Saved entries

Local Notation Zp := (Zplam p lam).
Local Notation tZ := (toZplam p lam).

HB.instance Definition _ :=
  GRing.isNmodMorphism.Build _ Zp tZ (morphD_nmod_morphism (@piD _ _)).

Lemma toZplam_eq0P (c : 'rV[int]_l) : tZ c = 0 <-> exists k, c = plam p lam k.
Proof.
rewrite -(raddf0 tZ); split=> [/quotZ_eqP [k]|[k ->]].
  by rewrite subr0; exists k.
by apply/quotZ_eqP; exists k; rewrite subr0.
Qed.

Lemma toZplam_plam k : tZ (plam p lam k) = 0.
Proof. by apply/toZplam_eq0P; exists k. Qed.

Lemma plam_delta i : plam p lam 'e_i = 'e_i *+ (p ^ lam i).
Proof.
apply/rowP => k; rewrite mulmxnE !mxE eqxx /=.
by case: eqP => [->|_]; rewrite ?mulr1 ?mulr1n ?natz ?mulr0 ?mul0rn.
Qed.

Definition ppow i : R := (p ^ lam i)%:R.

Lemma ppow_neq0 i : ppow i != 0.
Proof. by rewrite pnatr_eq0 -lt0n expn_gt0 p_gt0. Qed.

Definition dotR (v : 'I_l -> R) (c : 'rV[int]_l) : R := \sum_i (c 0 i)%:~R * v i.

Lemma dotR_morphD v : {morph dotR v : a b / a + b}.
Proof.
by move=> a b; rewrite -big_split; apply: eq_bigr => i _; rewrite mxE intrD mulrDl.
Qed.

HB.instance Definition _ v :=
  GRing.isNmodMorphism.Build _ _ (dotR v) (morphD_nmod_morphism (dotR_morphD v)).

Lemma dotR_delta v i : dotR v 'e_i = v i.
Proof.
rewrite /dotR (bigD1 i) //= big1 ?addr0 => [|k /negbTE ki].
  by rewrite mxE !eqxx mul1r.
by rewrite mxE ki andbF mul0r.
Qed.

Lemma dotR_plam v x :
  dotR v (plam p lam x) = \sum_i (x 0 i)%:~R * (ppow i * v i).
Proof.
by apply: eq_bigr => i _; rewrite mxE intrM -pmulrn mulrA [_ *+ _ * _]mulrC.
Qed.

Lemma dotR_mulmx v (x : 'rV[int]_l) (beta : 'M[int]_l) :
  dotR v (x *m beta) = \sum_j (x 0 j)%:~R * dotR v (row j beta).
Proof.
rewrite mulmx_sum_row raddf_sum; apply: eq_bigr => j _.
by rewrite -[x 0 j]intz scaler_int raddfMz mulrzl intz.
Qed.

Lemma circ_dotR v c : circ (dotR v c) = \sum_i circ (v i) *~ c 0 i.
Proof. by rewrite raddf_sum; apply: eq_bigr => i _; rewrite mulrzl raddfMz. Qed.

Definition mu_of (m : 'rV[int]_l) i : R := (m 0 i)%:~R / ppow i.

Definition tau_of (d m : 'rV[int]_l) j : R :=
  ((d 0 j)%:~R + dotR (mu_of m) (row j alpha)) / ppow j.

Lemma mu_ofK m i : ppow i * mu_of m i = (m 0 i)%:~R.
Proof. by rewrite mulrC divfK ?ppow_neq0. Qed.

Lemma tau_ofK d m j :
  ppow j * tau_of d m j = (d 0 j)%:~R + dotR (mu_of m) (row j alpha).
Proof. by rewrite mulrC divfK ?ppow_neq0. Qed.

Lemma dotR_mu_ofC (y c : 'rV[int]_l) : dotR (mu_of y) c = dotR (mu_of c) y.
Proof. by apply: eq_bigr => i _; rewrite /mu_of mulrCA. Qed.

Lemma mu_ofD m m' i : mu_of (m + m') i = mu_of m i + mu_of m' i.
Proof. by rewrite /mu_of mxE intrD mulrDl. Qed.

Lemma mu_of_shift m x i :
  mu_of (m - plam p lam x) i = mu_of m i - (x 0 i)%:~R.
Proof.
rewrite /mu_of !mxE intrB intrM -pmulrn -/(ppow i); field.
exact: ppow_neq0.
Qed.
(* For every integer $n\geq2$, $\mathcal{N}^{\perp}\cap HC(W_n^{*})=\varnothing$.
   Context: $H^2$ denotes the Hardy space of analytic functions $f(z)=\sum_{j\ge0}\hat f(j)z^j$ on the open unit disk $\mathbb{D}$ with $\sum_{j}|\hat f(j)|^2<\infty$. For $n\in\mathbb{N}$, $W_n$ is the bounded operator on $H^2$ given by $W_nf(z)=(1+z+\cdots+z^{n-1})f(z^n)$, $W_n^{*}$ is its adjoint, and $HC(W_n^{*})$ is the set of vectors with dense orbit under $W_n^{*}$. For each integer $k\geq2$, $h_k(z)=\frac{1}{1-z}\log\left(\frac{1+z+\cdots+z^{k-1}}{k}\right)$ (holomorphic branch of the logarithm on $\mathbb{D}$, real at $z=0$), which lies in $H^2$; $\mathcal{N}=\mathrm{span}\{h_k:k\geq2\}$ and $\mathcal{N}^\perp$ is its orthogonal complement in $H^2$. *)

From Stdlib Require Import Reals List.
From Coquelicot Require Import Coquelicot.
Open Scope R_scope.

(* Elements of H^2 are represented by their Taylor coefficient sequences. *)
Definition seqC := nat -> C.

Definition Cexp (w : C) : C :=
  (exp (Re w) * cos (Im w), exp (Re w) * sin (Im w)).

Definition inH2 (a : seqC) : Prop :=
  ex_series (fun j => (Cmod (a j)) ^ 2).

Definition is_eval (a : seqC) (z : C) (s : C) : Prop :=
  @is_series C_AbsRing C_NormedModule (fun j => Cmult (a j) (pow_n z j)) s.

Definition inDisk (z : C) : Prop := Cmod z < 1.

Definition geomC (n : nat) (z : C) : C :=
  @sum_n C_AbelianGroup (fun i => pow_n z i) (n - 1).

Definition is_inner (a b : seqC) (l : C) : Prop :=
  @is_series C_AbsRing C_NormedModule (fun j => Cmult (a j) (Cconj (b j))) l.

Definition W_rel (n : nat) (f g : seqC) : Prop :=
  inH2 g /\
  forall z, inDisk z -> exists s t,
    is_eval g z s /\ is_eval f (pow_n z n) t /\ s = Cmult (geomC n z) t.

Definition is_adjoint_Wn (n : nat) (T : seqC -> seqC) : Prop :=
  (forall g, inH2 g -> inH2 (T g)) /\
  (forall f Wf g, inH2 f -> W_rel n f Wf -> inH2 g ->
     exists l, is_inner Wf g l /\ is_inner f (T g) l).
(* Let $V$ be a finite set and $n\ge 1$ an integer. The functions $m_G$, as $G$ ranges over all multigraphs on vertex set $V$ (self-loops allowed) with $|E(G)|\le n$, are linearly independent as functions of $(d_u)_{u\in V}\in(\mathbb{R}^n)^V$.
   Context: A multigraph $G$ on $V$ is a finite multiset $E(G)$ of edges $\{u,w\}$ with $u,w\in V$, where $u=w$ (a self-loop) is allowed. For vectors $d_u\in\mathbb{R}^n$ ($u\in V$), $m_G=\prod_{\{u,w\}\in E(G)}\langle d_u,d_w\rangle$, with multiplicity, where a self-loop at $u$ contributes the factor $\langle d_u,d_u\rangle$. *)

From mathcomp Require Import all_boot all_order all_algebra.
From mathcomp Require Import reals.
Set Implicit Arguments. Unset Strict Implicit. Unset Printing Implicit Defensive.
Import Order.TTheory GRing.Theory Num.Theory.
Local Open Scope ring_scope.

(* An (unordered) edge {u,w} of a multigraph on V, self-loops allowed, is
   encoded as the nonempty set A := [set u; w] : {set V} (so #|A| = 1 for a
   self-loop, #|A| = 2 otherwise).  A multigraph G is encoded by its
   multiplicity function G : {set V} -> nat; it is a genuine multigraph when
   G A = 0 unless 1 <= #|A| <= 2. Multiplicities are stored in 'I_(n.+1)
   so that the (finitely many) multigraphs with at most n edges all live in
   the finite type mgraph V n. *)
Definition mgraph (V : finType) (n : nat) := {ffun {set V} -> 'I_n.+1}.

Definition is_edge (V : finType) (A : {set V}) : bool := (0 < #|A| <= 2)%N.

Definition nedges (V : finType) (n : nat) (G : mgraph V n) : nat :=
  (\sum_(A : {set V}) (G A : nat))%N.

Definition valid_mgraph (V : finType) (n : nat) (G : mgraph V n) : bool :=
  [forall A : {set V}, (G A != 0 :> nat) ==> is_edge A] && (nedges G <= n)%N.

Definition dotp (R : realType) (n : nat) (x y : 'rV[R]_n) : R :=
  \sum_(k < n) x 0 k * y 0 k.

(* <d_u, d_w> for the edge A = {u, w}; for a self-loop A = {u} this is <d_u, d_u>. *)
Definition edge_val (R : realType) (V : finType) (n : nat)
    (d : V -> 'rV[R]_n) (A : {set V}) : R :=
  if [pick u in A] is Some u then
    let w := if [pick w in A :\ u] is Some w then w else u in
    dotp (d u) (d w)
  else 0.

Definition mG (R : realType) (V : finType) (n : nat) (G : mgraph V n)
    (d : V -> 'rV[R]_n) : R :=
  \prod_(A : {set V} | is_edge A) edge_val d A ^+ (G A : nat).

From mathcomp Require Import all_boot all_order all_algebra.
From mathcomp Require Import reals.
Import Order.TTheory GRing.Theory Num.Theory.
Set Implicit Arguments. Unset Strict Implicit.
Local Open Scope ring_scope.

(* We prove more generally, by induction on the dimension k, that the m_G with
   |E(G)| <= k are independent as functions on (R^k)^V.  For k = 0 only the
   empty graph remains and its monomial is the constant 1.  For the step
   k -> k+1, fix an edge A and suppose the coefficients of all graphs using an
   edge strictly contained in A are already known to vanish.  Appending to
   each d_u (u in V) a coordinate equal to s on A and 0 off A adds s^2 to the
   inner product of the edge A and changes no other surviving edge, so the
   vanishing combination becomes a polynomial in t = <A> + s^2 vanishing on a
   ray; its coefficients, one per multiplicity j of A, vanish.  The j-th one
   is a vanishing combination in dimension k of graphs with at most k edges
   (j >= 1 copies of A removed), so the induction hypothesis kills every
   coefficient of a graph containing A.  Running over the edges by increasing
   size leaves only the empty graph, which is handled as for k = 0. *)

Lemma coef_eq0_of_vanishing_on_ray (R : realDomainType) (D : nat)
    (alpha : 'I_D -> R) (a : R) :
  (forall t, a <= t -> \sum_(i < D) alpha i * t ^+ i = 0) ->
  forall i, alpha i = 0.
Proof.
move=> van i.
pose p : {poly R} := \sum_(l < D) alpha l *: 'X^l.
have pE t : p.[t] = \sum_(l < D) alpha l * t ^+ l.
  by rewrite horner_sum; apply: eq_bigr => l _; rewrite hornerZ hornerXn.
have coefp : p`_i = alpha i.
  rewrite coef_sum (bigD1 i) //= coefZ coefXn eqxx mulr1 big1 ?addr0 // => l li.
  by rewrite coefZ coefXn eq_sym (inj_eq val_inj) (negbTE li) mulr0.
suff p0 : p = 0 by rewrite -coefp p0 coef0.
apply/eqP; apply: contraT => pn0.
pose rs := [seq `|a| + l%:R | l <- iota 0 (size p)].
have rootsp : all (root p) rs.
  apply/allP => _ /mapP [l _ ->]; rewrite /root pE van //.
  by rewrite (le_trans (ler_norm a)) // lerDl ler0n.
have uniq_rs : uniq rs.
  by rewrite map_inj_uniq ?iota_uniq // => x y /addrI /eqP; rewrite eqr_nat => /eqP.
by move: (max_poly_roots pn0 rootsp uniq_rs); rewrite size_map size_iota ltnn.
Qed.

Lemma edge_endpoints (R : realType) (V : finType) (A : {set V}) : is_edge A ->
  exists u w, [/\ u \in A, w \in A, (forall x, x \in A -> x = u \/ x = w) &
     forall k (d : V -> 'rV[R]_k), edge_val d A = dotp (d u) (d w)].
Proof.
case/andP => A_gt0 A_le2; rewrite /edge_val.
case: pickP => [u uA | A0]; last by move: A_gt0; rewrite eq_card0.
case: pickP => [w | noother].
- rewrite in_setD1 => /andP [wu wA].
  exists u, w; split => // x xA; case: (eqVneq x u) => [->|xu]; first by left.
  have : (#|A :\ u| <= 1)%N by move: A_le2; rewrite (cardsD1 u A) uA.
  by move/card_le1_eqP => le1; right; apply: le1; rewrite in_setD1 ?xu ?wu.
- exists u, u; split => // x xA; left; apply/eqP; apply: contraT => xu.
  by move: (noother x); rewrite in_setD1 xu xA.
Qed.

Section Monomials.

Variables (R : realType) (V : finType) (N : nat).

(* The monomial m_H evaluated on configurations in dimension k (the
   multiplicity bound N and the dimension k are decoupled for the induction). *)
Definition monom (k : nat) (H : mgraph V N) (d : V -> 'rV[R]_k) : R :=
  \prod_(A : {set V} | is_edge A) edge_val d A ^+ (H A : nat).

Definition valid_upto (k : nat) (H : mgraph V N) : bool :=
  [forall A : {set V}, (H A != 0 :> nat) ==> is_edge A] && (nedges H <= k)%N.

Definition upd (H : mgraph V N) (A : {set V}) (j : 'I_N.+1) : mgraph V N :=
  [ffun B => if B == A then j else H B].

Lemma upd_at (H : mgraph V N) A j : upd H A j A = j.
Proof. by rewrite ffunE eqxx. Qed.

Lemma upd_upd (H : mgraph V N) A i j : upd (upd H A i) A j = upd H A j.
Proof. by apply/ffunP => B; rewrite !ffunE; case: eqP. Qed.

Lemma upd_id (H : mgraph V N) A : upd H A (H A) = H.
Proof. by apply/ffunP => B; rewrite !ffunE; case: eqP => // ->. Qed.

Lemma nedges_upd (H : mgraph V N) A j :
  (nedges (upd H A j) + H A = nedges H + j)%N.
Proof.
rewrite /nedges (bigD1 A) //= [in RHS](bigD1 A) //= upd_at.
rewrite (eq_bigr (fun B => (H B : nat))); last by move=> B /negbTE BA; rewrite ffunE BA.
by rewrite addnC addnA addnAC.
Qed.

Lemma valid_upd_drop k (H : mgraph V N) A (j : 'I_N.+1) :
  (0 < j)%N -> (H A = 0 :> nat) -> valid_upto k.+1 (upd H A j) -> valid_upto k H.
Proof.
move=> j_gt0 HA0 /andP [/forallP edgesH nedgesH]; apply/andP; split.
  apply/forallP => B; apply/implyP => HB.
  have BA : B != A by apply: contraNneq HB => ->; rewrite HA0.
  by have := edgesH B; rewrite ffunE (negbTE BA) HB.
have := nedges_upd H A j; rewrite HA0 addn0 => eq_nedges.
by rewrite -ltnS (leq_trans _ nedgesH) // eq_nedges -[X in (X < _)%N]addn0 ltn_add2l.
Qed.

Lemma slice_reindex (A : {set V}) (j : 'I_N.+1) (F : mgraph V N -> mgraph V N -> R) :
  \sum_(H : mgraph V N | H A == ord0) F (upd H A j) H =
  \sum_(H : mgraph V N | H A == j) F H (upd H A ord0).
Proof.
rewrite [RHS](reindex_onto (fun H => upd H A j) (fun H => upd H A ord0)) /=; last first.
  by move=> H /eqP HA; rewrite upd_upd -HA upd_id.
apply: eq_big => H; last by move=> /eqP HA; rewrite upd_upd -HA upd_id.
rewrite upd_at eqxx upd_upd /=.
by apply/eqP/eqP => [HA | <-]; [rewrite -HA upd_id | rewrite upd_at].
Qed.

Definition extend k (d : V -> 'rV[R]_k) (A : {set V}) (s : R) : V -> 'rV[R]_k.+1 :=
  fun u => \row_(l < k.+1)
    (if unlift ord_max l is Some i then d u 0 i else if u \in A then s else 0).

Lemma dotp_extend k (d : V -> 'rV[R]_k) A s u w :
  dotp (extend d A s u) (extend d A s w) =
  dotp (d u) (d w) + (if u \in A then s else 0) * (if w \in A then s else 0).
Proof.
rewrite /dotp big_ord_recr /= !mxE unlift_none; congr (_ + _).
apply: eq_bigr => i _; rewrite !mxE.
have -> : widen_ord (leqnSn k) i = lift ord_max i.
  by apply: val_inj; rewrite /= /bump leqNgt ltn_ord.
by rewrite liftK.
Qed.

Lemma monom_extend k (d : V -> 'rV[R]_k) A s (H : mgraph V N) :
  is_edge A -> (forall B, is_edge B -> B \proper A -> (H B = 0 :> nat)) ->
  monom H (extend d A s) = (edge_val d A + s ^+ 2) ^+ (H A) * monom (upd H A ord0) d.
Proof.
move=> eA no_sub.
rewrite /monom (bigD1 A eA) [X in _ = _ * X](bigD1 A eA) /= upd_at expr0 mul1r.
congr (_ * _).
  have [u [w [uA wA _ valA]]] := edge_endpoints R eA.
  by rewrite !valA dotp_extend uA wA expr2.
apply: eq_bigr => B /andP [eB BA]; rewrite ffunE (negbTE BA).
have [u [w [uB wB Bx valB]]] := edge_endpoints R eB.
rewrite !valB dotp_extend.
case: (boolP (u \in A)) => uA; case: (boolP (w \in A)) => wA;
  rewrite ?mul0r ?mulr0 ?addr0 //.
have BsA : B \subset A by apply/subsetP => x /Bx [->|->].
by rewrite no_sub ?expr0 // properEneq BA BsA.
Qed.

(* Extracting the coefficient of t^j (t = <A> + s^2) from a vanishing
   combination in dimension k+1 gives a vanishing combination in dimension k
   over the slice H A = j, with the copies of A removed. *)
Lemma slice_sum_eq0 k (c : mgraph V N -> R) (A : {set V}) :
  (forall d : V -> 'rV[R]_k.+1, \sum_H c H * monom H d = 0) -> is_edge A ->
  (forall B, is_edge B -> B \proper A -> forall H : mgraph V N, (0 < H B)%N -> c H = 0) ->
  forall (d : V -> 'rV[R]_k) (j : 'I_N.+1),
    \sum_(H : mgraph V N | H A == j) c H * monom (upd H A ord0) d = 0.
Proof.
move=> van eA no_sub d.
pose alpha (j : 'I_N.+1) :=
  \sum_(H : mgraph V N | H A == j) c H * monom (upd H A ord0) d.
apply: (@coef_eq0_of_vanishing_on_ray R N.+1 alpha (edge_val d A)) => t t_ge.
rewrite -[RHS](van (extend d A (Num.sqrt (t - edge_val d A)))).
rewrite (partition_big (fun H : mgraph V N => H A) predT) //=.
apply: eq_bigr => i _; rewrite /alpha mulr_suml; apply: eq_bigr => H /eqP HA.
have [->|cH] := eqVneq (c H) 0; first by rewrite !mul0r.
rewrite monom_extend // => [|B eB BA]; last first.
  by apply/eqP; rewrite -leqn0 leqNgt; apply: contra cH => /(no_sub B eB BA H) ->.
by rewrite sqr_sqrtr ?subr_ge0 // addrC subrK HA mulrAC -mulrA.
Qed.

(* If only edgeless graphs carry nonzero coefficients, a single vanishing
   evaluation kills them: the edgeless graph is unique and its monomial is 1. *)
Lemma edgeless_support k (c : mgraph V N -> R) (d : V -> 'rV[R]_k) :
  (forall H, c H != 0 -> forall A, (H A = 0 :> nat)) ->
  \sum_H c H * monom H d = 0 -> forall H, c H = 0.
Proof.
move=> edgeless van H; have [//|cH] := eqVneq (c H) 0.
have monomH : monom H d = 1 by rewrite /monom big1 // => A _; rewrite edgeless // expr0.
move: van; rewrite (bigD1 H) //= big1 ?addr0 ?monomH ?mulr1 => [/eqP|H' H'H].
  by rewrite (negbTE cH).
have [->|cH'] := eqVneq (c H') 0; first by rewrite mul0r.
case/eqP: H'H; apply/ffunP => A; apply: val_inj.
by rewrite /= (edgeless _ cH') (edgeless _ cH).
Qed.

Definition indep_upto (k : nat) : Prop :=
  forall c : mgraph V N -> R, (forall H, ~~ valid_upto k H -> c H = 0) ->
  (forall d : V -> 'rV[R]_k, \sum_H c H * monom H d = 0) -> forall H, c H = 0.

Lemma indep_upto0 : indep_upto 0.
Proof.
move=> c supp van; apply: (edgeless_support _ (van (fun _ => 0))) => H cH A.
have /andP [_] : valid_upto 0 H by apply: contraR cH => /supp ->; rewrite eqxx.
by rewrite leqn0 /nedges sum_nat_eq0 => /forallP /(_ A) /eqP.
Qed.

Lemma coef_eq0_containing_edge k (c : mgraph V N -> R) (A : {set V}) :
  indep_upto k ->
  (forall H, ~~ valid_upto k.+1 H -> c H = 0) ->
  (forall d : V -> 'rV[R]_k.+1, \sum_H c H * monom H d = 0) ->
  is_edge A ->
  (forall B, is_edge B -> B \proper A -> forall H : mgraph V N, (0 < H B)%N -> c H = 0) ->
  forall H : mgraph V N, (0 < H A)%N -> c H = 0.
Proof.
move=> IH supp van eA no_sub H HA.
pose c' (H' : mgraph V N) := if H' A == ord0 then c (upd H' A (H A)) else 0.
have := IH c' _ _ (upd H A ord0).
rewrite /c' upd_at eqxx upd_upd upd_id; apply => [H' | d].
  case: eqP => // /eqP H'A0 nv; apply/eqP; apply: contraR nv => cH'.
  apply: (valid_upd_drop (A := A) HA); first by rewrite (eqP H'A0).
  by apply: contraR cH' => /supp ->; rewrite eqxx.
rewrite -[RHS](slice_sum_eq0 van eA no_sub d (H A)).
rewrite -(slice_reindex A (H A) (fun G G' => c G * monom G' d)) [RHS]big_mkcond /=.
by apply: eq_bigr => H' _; case: ifP => // _; rewrite mul0r.
Qed.

(* Step k -> k+1: edges A are treated by strong induction on #|A|, after
   which only edgeless graphs can carry nonzero coefficients. *)
Lemma indep_upto_succ k : indep_upto k -> indep_upto k.+1.
Proof.
move=> IH c supp van.
have edges_vanish m A : is_edge A -> (#|A| <= m)%N ->
    forall H : mgraph V N, (0 < H A)%N -> c H = 0.
  elim: m A => [|m IHm] A eA Am.
    by case/andP: eA => A_gt0 _; move: (leq_trans A_gt0 Am).
  apply: coef_eq0_containing_edge IH supp van eA _ => B eB BA.
  by apply: IHm eB _; rewrite -ltnS (leq_trans (proper_card BA) Am).
apply: (edgeless_support _ (van (fun _ => 0))) => H cH A.
have /andP [/forallP edgesH _] : valid_upto k.+1 H.
  by apply: contraR cH => /supp ->; rewrite eqxx.
have [eA | neA] := boolP (is_edge A).
  apply/eqP; rewrite -leqn0 leqNgt; apply: contra cH => HA.
  by rewrite (edges_vanish _ A eA (leqnn _) H HA).
by apply/eqP; move: (edgesH A); rewrite (negbTE neA) implybF negbK.
Qed.

Lemma indep_upto_all k : indep_upto k.
Proof. by elim: k => [|k IH]; [exact: indep_upto0 | exact: indep_upto_succ]. Qed.

End Monomials.

(* The theorem is the case k = N = n, after extending c by zero outside the
   multigraphs with at most n edges. *)
Theorem mainTheorem1 (R : realType) (V : finType) (n : nat) (hn : (0 < n)%N)
    (c : mgraph V n -> R) :
  (forall d : V -> 'rV[R]_n,
      \sum_(G : mgraph V n | valid_mgraph G) c G * mG G d = 0) ->
  forall G : mgraph V n, valid_mgraph G -> c G = 0.
Proof.
move=> van G vG.
pose c' H := if valid_mgraph H then c H else 0.
have := @indep_upto_all R V n n c' _ _ G; rewrite /c' vG; apply => [H | d].
  by case: ifP => // vH; rewrite /valid_upto -/(valid_mgraph H) vH.
rewrite -[RHS](van d) [RHS]big_mkcond; apply: eq_bigr => H _.
by case: ifP => // _; rewrite mul0r.
Qed.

-- YOUR OBJECTIVE --
Beginning at the first line of the data above, retype each line until you reach the line containing "rewrite -(raddf0 tZ);", and include that one too. Add nothing else.

-- EXERCISE RESPONSE --
Local Notation Zp := (Zplam p lam).
Local Notation tZ := (toZplam p lam).

HB.instance Definition _ :=
  GRing.isNmodMorphism.Build _ Zp tZ (morphD_nmod_morphism (@piD _ _)).

Lemma toZplam_eq0P (c : 'rV[int]_l) : tZ c = 0 <-> exists k, c = plam p lam k.
Proof.
rewrite -(raddf0 tZ); split=> [/quotZ_eqP [k]|[k ->]].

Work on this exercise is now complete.